Work to complete - Quote exactly, and only, the lines of the material below from the line with "rewrite -defH join_subG" through the line with "(k r m n : nat)".

Entries supplied -
(* Let $A=\langle a\mid a^k=1\rangle$ be a cyclic group of order $k$, let $r$ be an integer with $1\le r<k$ and $\gcd(r,k)=1$, let $\varphi$ be the automorphism of $A$ given by $a\mapsto a^r$, let $m$ be the multiplicative order of $r$ modulo $k$, and let $n$ be a positive multiple of $m$. Let $G=A\langle c\rangle$ be any finite group containing $A$ and an element $c$ of order $n$ with $A\cap\langle c\rangle=\{1\}$ and $G=A\langle c\rangle$, such that the skew-morphism of $A$ determined by $c$ (namely the map $\psi:A\to A$ defined by $cx=\psi(x)c^{j}$ with $\psi(x)\in A$, $j\in\mathbb{Z}_n$) equals $\varphi$. Then $G$ has a presentation \[ G=\langle a,c\mid a^k=c^n=1,\ c^ma=ac^{mt},\ ca=a^rc^{1+ms}\rangle, \] where $s,t\in\mathbb{Z}_{n/m}$ satisfy: (a) $t^{r-1}\equiv1\pmod{n/m}$; (b) $s\sum_{i=1}^{k}t^{i-1}\equiv0\pmod{n/m}$; (c) $s\sum_{i=1}^{m}\big(\sum_{j=1}^{r}t^{j-1}\big)^{i-1}\equiv t-1\pmod{n/m}$.
   Context: A skew-morphism of a finite group $A$ is a permutation $\varphi$ of $A$ with $\varphi(1_A)=1_A$ for which there is a function $\pi:A\to\mathbb{Z}_m$ ($m$ the order of $\varphi$) with $\varphi(xy)=\varphi(x)\varphi^{\pi(x)}(y)$ for all $x,y\in A$. If $G=A\langle c\rangle$ with $A\cap\langle c\rangle=\{1\}$ and $|c|=n$, then for each $x\in A$ there are unique $\psi(x)\in A$ and $j\in\mathbb{Z}_n$ with $cx=\psi(x)c^j$, and $\psi$ is a skew-morphism of $A$ (the skew-morphism determined by $c$). *)

From mathcomp Require Import all_boot all_fingroup.
Set Implicit Arguments.
Unset Strict Implicit.
Unset Printing Implicit Defensive.

Definition is_mult_order (k r m : nat) : Prop :=
  0 < m /\ r ^ m = 1 %[mod k] /\ (forall i, 0 < i < m -> r ^ i <> 1 %[mod k]).

From mathcomp Require Import all_boot all_fingroup all_solvable.
From mathcomp Require Import ring.
Set Implicit Arguments. Unset Strict Implicit. Unset Printing Implicit Defensive.

(* If [c^u a^i = a^(r^u i) c^e], computing [c^u a^(i+1)] in two ways and
   comparing normal forms in [<a><c>] gives [r^e = r^u (mod k)], hence
   [e = u (mod m)].  This yields [c a = a^r c^(1+ms)] and, as [a^(r^m) = a],
   [c^m a = a c^(mt)].  In any group whose elements [x], [y] satisfy these two
   relations, [y^j x^i] can be rewritten as [x^(r^j i) y^e] with an explicit
   [e]; specialising this ([x^k = 1], the two ways of computing [y^m y x], and
   [y^m x] itself) gives (a), (b), (c) as identities in the cyclic group
   [<y^m>] of order [n/m].  As the same formula holds in [G], the map
   [a^i c^j |-> x^i y^j] is a homomorphism from [G] onto any group generated by
   such [x], [y]: the relations present [G]. *)

Definition geosum (t i : nat) : nat := \sum_(0 <= l < i) t ^ l.

Lemma geosum0 t : geosum t 0 = 0.
Proof. by rewrite /geosum big_geq. Qed.

Lemma geosum1 t : geosum t 1 = 1.
Proof. by rewrite /geosum big_nat1. Qed.

Lemma geosumD t i j : geosum t (i + j) = geosum t i + t ^ i * geosum t j.
Proof.
rewrite /geosum (big_cat_nat _ (leq_addr j i)) //= big_distrr /=.
rewrite -[in X in _ + X = _](add0n i) big_addn addKn; congr (_ + _).
by apply: eq_bigr => l _; rewrite expnD mulnC.
Qed.

Section GeosumMod.
Variables (d t r : nat).
Hypothesis t_expr : t ^ r = t %[mod d].

Lemma geosumM_mod i : geosum t (r * i) = geosum t r * geosum t i %[mod d].
Proof.
elim: i => [|i IH]; first by rewrite muln0 !geosum0 muln0.
have t_exprM : t ^ (r * i) = t ^ i %[mod d] by rewrite expnM -modnXm t_expr modnXm.
rewrite mulnS addnC geosumD -addn1 geosumD geosum1 muln1 mulnDr.
by rewrite -modnDm IH -(modnMml (t ^ _)) t_exprM modnMml modnDm [t ^ i * _]mulnC.
Qed.

Lemma geosumX_mod u : geosum t (r ^ u) = geosum t r ^ u %[mod d].
Proof.
elim: u => [|u IH]; first by rewrite geosum1.
by rewrite expnS geosumM_mod -modnMmr IH modnMmr expnS.
Qed.

End GeosumMod.

Lemma expn_pred_mod1 d t k r : 0 < k -> 0 < r ->
  t ^ k = 1 %[mod d] -> t ^ r = t %[mod d] -> t ^ r.-1 = 1 %[mod d].
Proof.
case: k => // k _; case: r => // r _ /= t_expk t_expr.
rewrite -[t ^ r]mul1n -modnMml -t_expk modnMml -expnD addSnnS expnD.
by rewrite -modnMmr t_expr modnMmr -expnSr t_expk.
Qed.

Lemma coprime_mulIl_mod u k x y : coprime u k -> u * x = u * y %[mod k] -> x = y %[mod k].
Proof.
move=> co_uk; wlog le_xy : x y / x <= y => [hwlog|].
  by case: (leqP x y) => [|/ltnW] le_yx; [apply: hwlog | move/esym/hwlog=> /(_ le_yx)].
move/esym/eqP; rewrite eqn_mod_dvd ?leq_mul2l ?le_xy ?orbT // -mulnBr.
by rewrite Gauss_dvdr 1?coprime_sym // -eqn_mod_dvd // eq_sym => /eqP.
Qed.

Lemma mult_order_dvdn k r m e : is_mult_order k r m -> r ^ e = 1 %[mod k] -> m %| e.
Proof.
case=> m_gt0 [r_expm min_m] r_expe; apply/negPn/negP => m_ndvd_e.
apply: (min_m (e %% m)); first by rewrite lt0n m_ndvd_e ltn_pmod.
move: r_expe; rewrite {1}(divn_eq e m) expnD mulnC (mulnC _ m) expnM.
by rewrite -modnMmr -modnXm r_expm modnXm exp1n modnMmr muln1.
Qed.

Lemma mult_order_expn_inj k r m i j : is_mult_order k r m -> coprime r k ->
  r ^ i = r ^ j %[mod k] -> i = j %[mod m].
Proof.
move=> ord_r co_rk; wlog le_ij : i j / i <= j => [hwlog|].
  by case: (leqP i j) => [|/ltnW] le_ji; [apply: hwlog | move/esym/hwlog=> /(_ le_ji)/esym].
rewrite -(subnKC le_ij) expnD -{1}[r ^ i]muln1.
move/(coprime_mulIl_mod (coprimeXl i co_rk))/esym/(mult_order_dvdn ord_r) => m_dvd.
by apply/eqP; rewrite eq_sym eqn_mod_dvd ?leq_addr // addKn.
Qed.

Definition swap_exp (r m s t j i : nat) : nat :=
  j + m * s * \sum_(0 <= u < j) geosum t (r ^ u * i).

Local Open Scope group_scope.

Section ExpgModDvd.
Variables (gT : finGroupType) (y : gT) (m : nat).
Hypothesis m_dvd : m %| #[y].

Lemma expgM_inj_mod i j : y ^+ (m * i) = y ^+ (m * j) -> i = j %[mod #[y] %/ m].
Proof. by rewrite !expgM => /eqP; rewrite eq_expg_mod_order orderXdiv // => /eqP. Qed.

Lemma expg_eq_mod_exists j u : j = u %[mod m] ->
  exists2 q, q < #[y] %/ m & y ^+ j = y ^+ (u + m * q).
Proof.
move=> j_mod; have y_gt0 := order_gt0 y; have m_gt0 := dvdn_gt0 y_gt0 m_dvd.
have le_u : u <= j + #[y] * u by rewrite (leq_trans (leq_pmull u y_gt0)) ?leq_addl.
have [q' def_j] : exists q', j + #[y] * u = u + m * q'.
  exists ((j + #[y] * u - u) %/ m); rewrite [(m * _)%N]mulnC divnK ?subnKC //.
  by rewrite -eqn_mod_dvd // -(divnK m_dvd) mulnAC -modnDmr modnMl addn0 j_mod.
exists (q' %% (#[y] %/ m)); first by rewrite ltn_pmod // divn_gt0 // dvdn_leq.
have -> : y ^+ j = y ^+ (u + m * q') by rewrite -def_j expgD expgM expg_order expg1n mulg1.
by rewrite !expgD !expgM -orderXdiv // expg_mod_order.
Qed.

End ExpgModDvd.

Section Relations.
Variables (gT : finGroupType) (x y : gT) (r m s t : nat).
Hypotheses (yx : y * x = x ^+ r * y ^+ (1 + m * s))
           (ymx : y ^+ m * x = x * y ^+ (m * t)).

Lemma swap_ym_x q : y ^+ (m * q) * x = x * y ^+ (m * t * q).
Proof.
elim: q => [|q IH]; first by rewrite !muln0 mul1g mulg1.
by rewrite mulnS expgD -mulgA IH mulgA ymx -mulgA -expgD mulnS.
Qed.

Lemma swap_ym_xX q i : y ^+ (m * q) * x ^+ i = x ^+ i * y ^+ (m * q * t ^ i).
Proof.
elim: i => [|i IH]; first by rewrite muln1 mulg1 mul1g.
rewrite expgSr mulgA IH -mulgA -mulnA swap_ym_x mulgA; congr (_ * _ ^+ _).
by rewrite expnS; ring.
Qed.

Lemma swap_y_xX i : y * x ^+ i = x ^+ (r * i) * y ^+ (1 + m * s * geosum t i).
Proof.
elim: i => [|i IH]; first by rewrite muln0 geosum0 muln0 mulg1 mul1g.
rewrite expgS mulgA yx -mulgA expgD -mulgA swap_ym_xX expg1 (mulgA y) IH.
rewrite -!mulgA -!expgD mulnS -[i.+1]addn1 geosumD geosum1 muln1 mulnDr addnA.
by rewrite [x ^+ (_ + _)]expgD mulgA.
Qed.

Lemma swap_yX_xX j i : y ^+ j * x ^+ i = x ^+ (r ^ j * i) * y ^+ (swap_exp r m s t j i).
Proof.
elim: j i => [|j IH] i; first by rewrite mul1g mul1n /swap_exp big_geq // muln0 mulg1.
rewrite expgSr -mulgA swap_y_xX mulgA IH -mulgA -expgD expnSr mulnA.
congr (_ * _ ^+ _); rewrite /swap_exp big_nat_recl //= expn0 mul1n.
under [in RHS]eq_bigr do rewrite expnSr -mulnA.
ring.
Qed.

Variable k : nat.
Hypotheses (xk : x ^+ k = 1) (m_dvd : m %| #[y]).

Lemma t_expk_mod : t ^ k = 1 %[mod #[y] %/ m].
Proof.
apply: (expgM_inj_mod m_dvd).
by have := swap_ym_xX 1 k; rewrite xk mulg1 mul1g !muln1 => <-.
Qed.

Lemma t_expr_mod : t ^ r = t %[mod #[y] %/ m].
Proof.
apply: (expgM_inj_mod m_dvd); apply: (mulgI (x ^+ r)); apply: (mulIg (y ^+ (1 + m * s))).
have := swap_ym_xX 1 r; rewrite !muln1 => <-.
have ycomm : y ^+ (m * t) * y ^+ (1 + m * s) = y ^+ (1 + m * s) * y ^+ (m * t).
  by rewrite -!expgD addnC.
rewrite -[RHS]mulgA ycomm [RHS]mulgA -yx -[RHS]mulgA -ymx.
by rewrite -[LHS]mulgA -yx !mulgA -expgS -expgSr.
Qed.

Lemma cond_a : 0 < k -> 0 < r -> t ^ r.-1 = 1 %[mod #[y] %/ m].
Proof. by move=> k_gt0 r_gt0; apply: expn_pred_mod1 t_expk_mod t_expr_mod. Qed.

Lemma cond_b : s * geosum t k = 0 %[mod #[y] %/ m].
Proof.
apply: (expgM_inj_mod m_dvd); rewrite muln0 mulnA.
have := swap_y_xX k; rewrite xk mulnC expgM xk expg1n mulg1 mul1g expgD expg1.
by rewrite -{1}[y]mulg1 => /mulgI.
Qed.

Hypothesis r_expm : r ^ m = 1 %[mod k].

Lemma cond_c : s * \sum_(0 <= i < m) geosum t r ^ i + 1 = t %[mod #[y] %/ m].
Proof.
have x_expm : x ^+ (r ^ m) = x by rewrite -(expg_mod _ xk) r_expm expg_mod // expg1.
have swap_expE :
    (swap_exp r m s t m 1 = m * (1 + s * \sum_(0 <= u < m) geosum t (r ^ u)))%N.
  by rewrite /swap_exp mulnDr muln1 mulnA; under eq_bigr do rewrite muln1.
have := swap_yX_xX m 1; rewrite muln1 x_expm ymx swap_expE => /mulgI/(expgM_inj_mod m_dvd).
have sum_mod : \sum_(0 <= u < m) geosum t (r ^ u) = \sum_(0 <= u < m) geosum t r ^ u
    %[mod #[y] %/ m].
  by rewrite -modn_summ (eq_bigr _ (fun u _ => geosumX_mod t_expr_mod u)) modn_summ.
by rewrite addnC => ->; rewrite -modnDml -modnMmr -sum_mod modnMmr modnDml.
Qed.

End Relations.

Lemma mulg_TI_inj (gT : finGroupType) (K H : {group gT}) u v u' v' :
  K :&: H = 1 -> u \in K -> v \in H -> u' \in K -> v' \in H ->
  u * v = u' * v' -> u = u' /\ v = v'.
Proof.
move=> tiKH Ku Hv Ku' Hv' eq_uv; split.
  by rewrite -(divgrMid tiKH Ku Hv) eq_uv divgrMid.
by rewrite -(remgrMid tiKH Ku Hv) eq_uv remgrMid.
Qed.

Section SkewMorphism.
Variables (gT : finGroupType) (a c : gT) (r m : nat).
Hypotheses (tiAC : <[a]> :&: <[c]> = 1) (co_r : coprime r #[a])
  (ord_r : is_mult_order #[a] r m)
  (skew : forall i, exists j, c * a ^+ i = a ^+ (r * i) * c ^+ j).

Lemma skew_expg u i : exists e, c ^+ u * a ^+ i = a ^+ (r ^ u * i) * c ^+ e.
Proof.
elim: u i => [|u IH] i; first by exists 0; rewrite mul1g mul1n mulg1.
have [j def_j] := skew i; have [e def_e] := IH (r * i)%N.
by exists (e + j)%N; rewrite expgSr -mulgA def_j mulgA def_e -mulgA -expgD expnSr mulnA.
Qed.

Lemma skew_expg_mod u i e :
  c ^+ u * a ^+ i = a ^+ (r ^ u * i) * c ^+ e -> e = u %[mod m].
Proof.
move=> def_e; have [e1 def_e1] := skew_expg e 1; have [e2 def_e2] := skew_expg u i.+1.
have : a ^+ (r ^ u * i + r ^ e) * c ^+ e1 = a ^+ (r ^ u * i.+1) * c ^+ e2.
  by rewrite -def_e2 expgSr mulgA def_e -mulgA -(expg1 a) def_e1 muln1 mulgA -expgD.
case/(mulg_TI_inj tiAC); rewrite ?mem_cycle // => /eqP + _.
rewrite eq_expg_mod_order mulnS addnC eqn_modDr => /eqP.
exact: mult_order_expn_inj.
Qed.

Lemma skew_relations : m %| #[c] -> exists s t,
  [/\ s < #[c] %/ m, t < #[c] %/ m, c * a = a ^+ r * c ^+ (1 + m * s)
    & c ^+ m * a = a * c ^+ (m * t)].
Proof.
move=> m_dvd; have [_ [r_expm _]] := ord_r.
have [j def_j] := skew 1; have [e def_e] := skew_expg m 1.
have a_expm : a ^+ (r ^ m) = a by rewrite -expg_mod_order r_expm expg_mod_order.
have j_mod : j = 1 %[mod m] by apply: (skew_expg_mod (i := 1)).
have e_mod : e = 0 %[mod m] by rewrite (skew_expg_mod def_e) modnn mod0n.
have [s s_lt def_cj] := expg_eq_mod_exists m_dvd j_mod.
have [t t_lt def_ce] := expg_eq_mod_exists m_dvd e_mod.
exists s, t; split=> //; first by rewrite -(expg1 a) def_j def_cj muln1.
by rewrite -(expg1 a) def_e def_ce muln1 a_expm add0n.
Qed.

End SkewMorphism.

Section NormalFormHom.
Variables (gT rT : finGroupType) (G : {group gT}) (a c : gT) (x y : rT) (r m s t : nat).
Hypotheses (tiAC : <[a]> :&: <[c]> = 1) (defG : <[a]> * <[c]> = G)
  (ca : c * a = a ^+ r * c ^+ (1 + m * s)) (cma : c ^+ m * a = a * c ^+ (m * t))
  (x_ord : x ^+ #[a] = 1) (y_ord : y ^+ #[c] = 1)
  (yx : y * x = x ^+ r * y ^+ (1 + m * s)) (ymx : y ^+ m * x = x * y ^+ (m * t)).

Definition nf_map (g : gT) : rT :=
  if [pick ij : 'I_#[a] * 'I_#[c] | g == a ^+ ij.1 * c ^+ ij.2] is Some ij
  then x ^+ ij.1 * y ^+ ij.2 else 1.

Lemma nf_mapE i j : nf_map (a ^+ i * c ^+ j) = x ^+ i * y ^+ j.
Proof.
rewrite /nf_map; case: pickP => [ij /eqP/esym|].
  case/(mulg_TI_inj tiAC); rewrite ?mem_cycle // => /eqP + /eqP.
  rewrite !eq_expg_mod_order => /eqP a_mod /eqP c_mod.
  by rewrite -(expg_mod _ x_ord) a_mod expg_mod // -(expg_mod _ y_ord) c_mod expg_mod.
move/(_ (Ordinal (ltn_pmod i (order_gt0 a)), Ordinal (ltn_pmod j (order_gt0 c)))).
by rewrite /= !expg_mod_order eqxx.
Qed.

Lemma nf_mapM : {in G &, {morph nf_map : g h / g * h}}.
Proof.
rewrite -defG => g h /mulsgP[_ _ /cycleP[i ->] /cycleP[j ->] ->].
move=> /mulsgP[_ _ /cycleP[u ->] /cycleP[v ->] ->].
rewrite mulgA -(mulgA _ (c ^+ j)) (swap_yX_xX ca cma) !mulgA -expgD -mulgA -expgD !nf_mapE.
by rewrite expgD -!mulgA (mulgA (y ^+ j)) (swap_yX_xX yx ymx) -!mulgA -expgD.
Qed.

Lemma homg_of_relations (H : {group rT}) : <[x]> <*> <[y]> = H -> H \homg G.
Proof.
move=> defH; apply/homgP; exists (Morphism nf_mapM).
apply/eqP; rewrite eqEsubset; apply/andP; split.
  apply/subsetP => _ /morphimP[g _ Gg ->] /=.
  move: Gg; rewrite -defG => /mulsgP[_ _ /cycleP[i ->] /cycleP[j ->] ->].
  by rewrite nf_mapE -defH groupM // groupX // mem_gen // inE cycle_id ?orbT.
rewrite -defH join_subG !cycle_subG; apply/andP; split.
  rewrite -[x]mulg1 -(expg1 x) -(expg0 y) -nf_mapE.
  by apply: mem_morphim; rewrite //= -defG mem_mulg ?mem_cycle.
rewrite -[y]mul1g -(expg1 y) -(expg0 x) -nf_mapE.
by apply: mem_morphim; rewrite //= -defG mem_mulg ?mem_cycle.
Qed.

End NormalFormHom.

Theorem theorem1p2 (gT : finGroupType) (G : {group gT}) (a c : gT)
    (k r m n : nat) :
  (1 <= r < k)%N -> coprime r k ->
  is_mult_order k r m ->
  (0 < n)%N -> (m %| n)%N ->
  #[a] = k -> #[c] = n ->
  <[a]> :&: <[c]> = 1 ->
  <[a]> * <[c]> = G ->
  (* the skew-morphism of <[a]> determined by c is phi : a^i |-> a^(r i) *)
  (forall i : nat, exists j : nat, c * a ^+ i = a ^+ (r * i) * c ^+ j) ->
  exists s t : nat,
    [/\ (s < n %/ m)%N, (t < n %/ m)%N,
        t ^ r.-1 = 1 %[mod n %/ m],
        (s * \sum_(1 <= i < k.+1) t ^ i.-1 = 0 %[mod n %/ m])%N &
        (s * \sum_(1 <= i < m.+1) (\sum_(1 <= j < r.+1) t ^ j.-1) ^ i.-1
           + 1 = t %[mod n %/ m])%N] /\
        [/\ a ^+ k = 1, c ^+ n = 1, c ^+ m * a = a * c ^+ (m * t)
          & c * a = a ^+ r * c ^+ (1 + m * s)] /\
        G \isog Grp (x : y : (x ^+ k, y ^+ n,
                              y ^+ m * x = x * y ^+ (m * t),
                              y * x = x ^+ r * y ^+ (1 + m * s))).
Proof.
move=> /andP[r_gt0 _] co_rk ord_r _ m_dvd ord_a ord_c tiAC defG skew; subst k n.
have [s [t [s_lt t_lt ca cma]]] := skew_relations tiAC co_rk ord_r skew m_dvd.
have a_ord := expg_order a; have c_ord := expg_order c.
have [_ [r_expm _]] := ord_r.
exists s, t; split; last split => //.
  rewrite !big_add1 /=; split => //.
  - exact: (cond_a (x := a) ca cma a_ord m_dvd (order_gt0 a) r_gt0).
  - exact: (cond_b (x := a) ca cma a_ord m_dvd).
  exact: (cond_c (x := a) ca cma a_ord m_dvd r_expm).
apply: intro_isoGrp.
  apply/existsP; exists (a, c); rewrite /= !xpair_eqE a_ord c_ord cma ca !eqxx !andbT.
  by rewrite comm_joingE ?defG //; apply/comm_group_setP; rewrite defG; apply: groupP.
move=> rT H /existsP[[x y]] /=; rewrite !xpair_eqE.
case/and5P=> /eqP defH /eqP x_ord /eqP y_ord /eqP ymx /eqP yx.
exact: (homg_of_relations (x := x) tiAC defG ca cma x_ord y_ord yx ymx defH).
Qed.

Output below -
rewrite -defH join_subG !cycle_subG; apply/andP; split.
  rewrite -[x]mulg1 -(expg1 x) -(expg0 y) -nf_mapE.
  by apply: mem_morphim; rewrite //= -defG mem_mulg ?mem_cycle.
rewrite -[y]mul1g -(expg1 y) -(expg0 x) -nf_mapE.
by apply: mem_morphim; rewrite //= -defG mem_mulg ?mem_cycle.
Qed.

End NormalFormHom.

Theorem theorem1p2 (gT : finGroupType) (G : {group gT}) (a c : gT)
    (k r m n : nat) :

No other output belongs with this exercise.